Entries shown:
Lemma lg_nmul1 x : lg_nmul 1 x = x.
Proof. exact: lg_addr0. Qed.

Lemma lg_nmulD n m x : lg_nmul (n + m) x = lg_nmul n x +g lg_nmul m x.
Proof.
elim: n => [|n IH]; first by rewrite add0n /= lg_add0.
by rewrite addSn /= IH lg_addA.
Qed.

Lemma lg_nmulM n m x : lg_nmul (n * m) x = lg_nmul n (lg_nmul m x).
Proof. by elim: n => [|n IH] //; rewrite mulSn lg_nmulD IH. Qed.

Lemma lg_nmul_addr n x y : lg_nmul n (x +g y) = lg_nmul n x +g lg_nmul n y.
Proof.
elim: n => [|n IH] /=; first by rewrite lg_add0.
by rewrite IH !lg_addA -(lg_addA x y) (lg_addC y) !lg_addA.
Qed.

Lemma lg_nmul_le n x y : lg_le x y -> lg_le (lg_nmul n x) (lg_nmul n y).
Proof. by move=> lexy; elim: n => [|n IH] /=; [right|apply: lg_le_add]. Qed.

Lemma lg_nmul_lt n x y : (1 <= n)%N -> lg_lt x y -> lg_lt (lg_nmul n x) (lg_nmul n y).
Proof.
case: n => // n _ ltxy; elim: n => [|n IH]; first by rewrite !lg_nmul1.
by apply: lg_lt_le_trans (lg_lt_add2r _ ltxy) (lg_le_add2l _ (or_introl IH)).
Qed.

Lemma lg_nmul_lt_inv n x y : lg_lt (lg_nmul n x) (lg_nmul n y) -> lg_lt x y.
Proof.
move=> ltn; case: (lg_lt_or_ge x y) => // /(lg_nmul_le n) leyx.
by exfalso; apply: lg_irr (lg_le_lt_trans leyx ltn).
Qed.

Lemma lg_nmulD_le n x y : lg_le x y -> lg_le (lg_nmul n x +g lg_nmul n y) (lg_nmul (n + n) y).
Proof. by move=> lexy; rewrite lg_nmulD; apply/lg_le_add2r/lg_nmul_le. Qed.

Definition lg_ll x y := forall n, (1 <= n)%N -> lg_lt (lg_nmul n x) y.

Lemma lg_ll_lt x y : lg_ll x y -> lg_lt x y.
Proof. by move=> /(_ 1%N isT); rewrite lg_nmul1. Qed.

Lemma lg_lt_ll_trans x y u : lg_lt x y -> lg_ll y u -> lg_ll x u.
Proof.
by move=> ltxy llyu n n_gt0; apply: lg_trans (lg_nmul_lt n_gt0 ltxy) (llyu n n_gt0).
Qed.

Lemma lg_ll_lt_trans x y u : lg_ll x y -> lg_lt y u -> lg_ll x u.
Proof. by move=> llxy ltyu n n_gt0; apply: lg_trans (llxy n n_gt0) ltyu. Qed.

Lemma lg_asymp_refl x : lg_asymp x x.
Proof. by exists 1%N, 1%N; rewrite lg_nmul1; do 3?split=> //; right. Qed.

Lemma lg_asymp_sym x y : lg_asymp x y -> lg_asymp y x.
Proof. by move=> [n [m [? [? [? ?]]]]]; exists m, n. Qed.

Lemma lg_asymp_trans x y u : lg_asymp x y -> lg_asymp y u -> lg_asymp x u.
Proof.
move=> [n [m [n_gt0 [m_gt0 [leyx lexy]]]]] [n' [m' [n'_gt0 [m'_gt0 [leuy leyu]]]]].
exists (n' * n)%N, (m * m')%N; do 2?split; rewrite ?muln_gt0 ?n_gt0 ?m_gt0 ?n'_gt0 ?m'_gt0 //.
by rewrite !lg_nmulM; split; [apply: lg_le_trans leuy (lg_nmul_le _ leyx)
                             |apply: lg_le_trans lexy (lg_nmul_le _ leyu)].
Qed.

Lemma arc_pos (P : Defs.arc G) x : proj1_sig P x -> lg_lt z x.
Proof. by case: P => P [? [_ HP]] /= /HP []. Qed.

Lemma arc_mem_asymp (P : Defs.arc G) x y : proj1_sig P x -> proj1_sig P y -> lg_asymp x y.
Proof.
case: P => P [w [_ HP]] /= /HP [_ asx] /HP [_ asy].
exact: lg_asymp_trans (lg_asymp_sym asx) asy.
Qed.

Lemma arc_nonempty (P : Defs.arc G) : exists x, proj1_sig P x.
Proof.
by case: P => P [x [x_gt0 HP]] /=; exists x; apply/HP; split=> //; apply: lg_asymp_refl.
Qed.

Lemma arc_lt_ll (P Q : Defs.arc G) x y :
  arc_lt P Q -> proj1_sig P x -> proj1_sig Q y -> lg_ll x y.
Proof.
move=> [x' [y' [Px' [Qy' llx'y']]]] Px Qy n n_gt0.
have [_ [m [_ [m_gt0 [_ lexx']]]]] := arc_mem_asymp Px Px'.
have [m' [_ [m'_gt0 [_ [ley'y _]]]]] := arc_mem_asymp Qy Qy'.
apply: (@lg_nmul_lt_inv m'); apply: lg_le_lt_trans (_ : lg_le _ (lg_nmul (m' * n * m) x')) _.
  by rewrite -lg_nmulM (lg_nmulM (m' * n) m); apply: lg_nmul_le.
by apply: lg_lt_le_trans ley'y; apply: llx'y'; rewrite !muln_gt0 m_gt0 m'_gt0 n_gt0.
Qed.

Definition arc_of x (x_gt0 : lg_lt z x) : Defs.arc G :=
  exist _ (fun y => lg_lt z y /\ lg_asymp x y)
    (ex_intro _ x (conj x_gt0 (fun y => iff_refl _))).

Lemma arc_of_mem x (x_gt0 : lg_lt z x) : proj1_sig (arc_of x_gt0) x.
Proof. by split=> //; apply: lg_asymp_refl. Qed.

End OrderedGroup.

(* A coinitial sequence of Arc(G)^bot, read through representatives. *)
Lemma Gkappa_scale (K : cardinal) (G : loag) : regular_card K -> in_G_kappa G K ->
  exists g : K -> G, (forall a, lg_lt (lg_zero G) (g a)) /\
    (forall a b, ord_lt a b -> lg_ll (g b) (g a)) /\
    (forall e, lg_lt (lg_zero G) e -> exists a, lg_ll (g a) e).
Proof.
move=> Kreg [_ [[s [s_neq0 [s_decr s_coinit]]] _]].
have s_some a : exists P, s a = Some P.
  by case E: (s a) => [P|]; [exists P|case: (s_neq0 a)].
pose P a := proj1_sig (cid (s_some a)).
have PE a : s a = Some (P a) := proj2_sig (cid (s_some a)).
pose g a := proj1_sig (cid (arc_nonempty (P a))).
have Pg a : proj1_sig (P a) (g a) := proj2_sig (cid (arc_nonempty (P a))).
have P_decr a b : ord_lt a b -> arc_lt (P b) (P a).
  by move=> /s_decr; rewrite !PE.
exists g; split; [|split].
- by move=> a; apply: arc_pos (Pg a).
- by move=> a b /P_decr ltPba; apply: arc_lt_ll ltPba (Pg b) (Pg a).
- move=> e e_gt0; have [a] := s_coinit (Some (arc_of e_gt0)) ltac:(by []).
  rewrite PE => -[ltPa|[EPa]].
    by exists a; apply: arc_lt_ll ltPa (Pg a) (arc_of_mem e_gt0).
  have [b ltab] := regular_card_no_max Kreg a; exists b.
  by apply: arc_lt_ll (P_decr a b ltab) (Pg b) _; rewrite EPa; apply: arc_of_mem.
Qed.

(* The relations [cl a] play the role of "distance < r_a" for a coinitial,
   strictly decreasing kappa-sequence of radii (r_a). *)
Record level_structure (X : topologicalType) (K : cardinal)
    (cl : K -> X -> X -> Prop) : Prop := LevelStructure {
  level_refl : forall a x, cl a x x;
  level_sym : forall a x y, cl a x y -> cl a y x;
  level_trans : forall a x y z, cl a x y -> cl a y z -> cl a x z;
  level_anti : forall a b x y, ord_lt a b -> cl b x y -> cl a x y;
  level_sep : forall x y, x <> y -> exists a, ~ cl a x y;
  level_open : forall U : set X,
    open U <-> forall x, U x -> exists a, forall y, cl a x y -> U y
}.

What the task asks: Output, from the data above, the lines from the line with "Definition lg_ll x" to the line with "Lemma lg_asymp_sym x" exactly as they stand, both ends included and nothing else.

Completed task:
Definition lg_ll x y := forall n, (1 <= n)%N -> lg_lt (lg_nmul n x) y.

Lemma lg_ll_lt x y : lg_ll x y -> lg_lt x y.
Proof. by move=> /(_ 1%N isT); rewrite lg_nmul1. Qed.

Lemma lg_lt_ll_trans x y u : lg_lt x y -> lg_ll y u -> lg_ll x u.
Proof.
by move=> ltxy llyu n n_gt0; apply: lg_trans (lg_nmul_lt n_gt0 ltxy) (llyu n n_gt0).
Qed.

Lemma lg_ll_lt_trans x y u : lg_ll x y -> lg_lt y u -> lg_ll x u.
Proof. by move=> llxy ltyu n n_gt0; apply: lg_trans (llxy n n_gt0) ltyu. Qed.

Lemma lg_asymp_refl x : lg_asymp x x.
Proof. by exists 1%N, 1%N; rewrite lg_nmul1; do 3?split=> //; right. Qed.

Lemma lg_asymp_sym x y : lg_asymp x y -> lg_asymp y x.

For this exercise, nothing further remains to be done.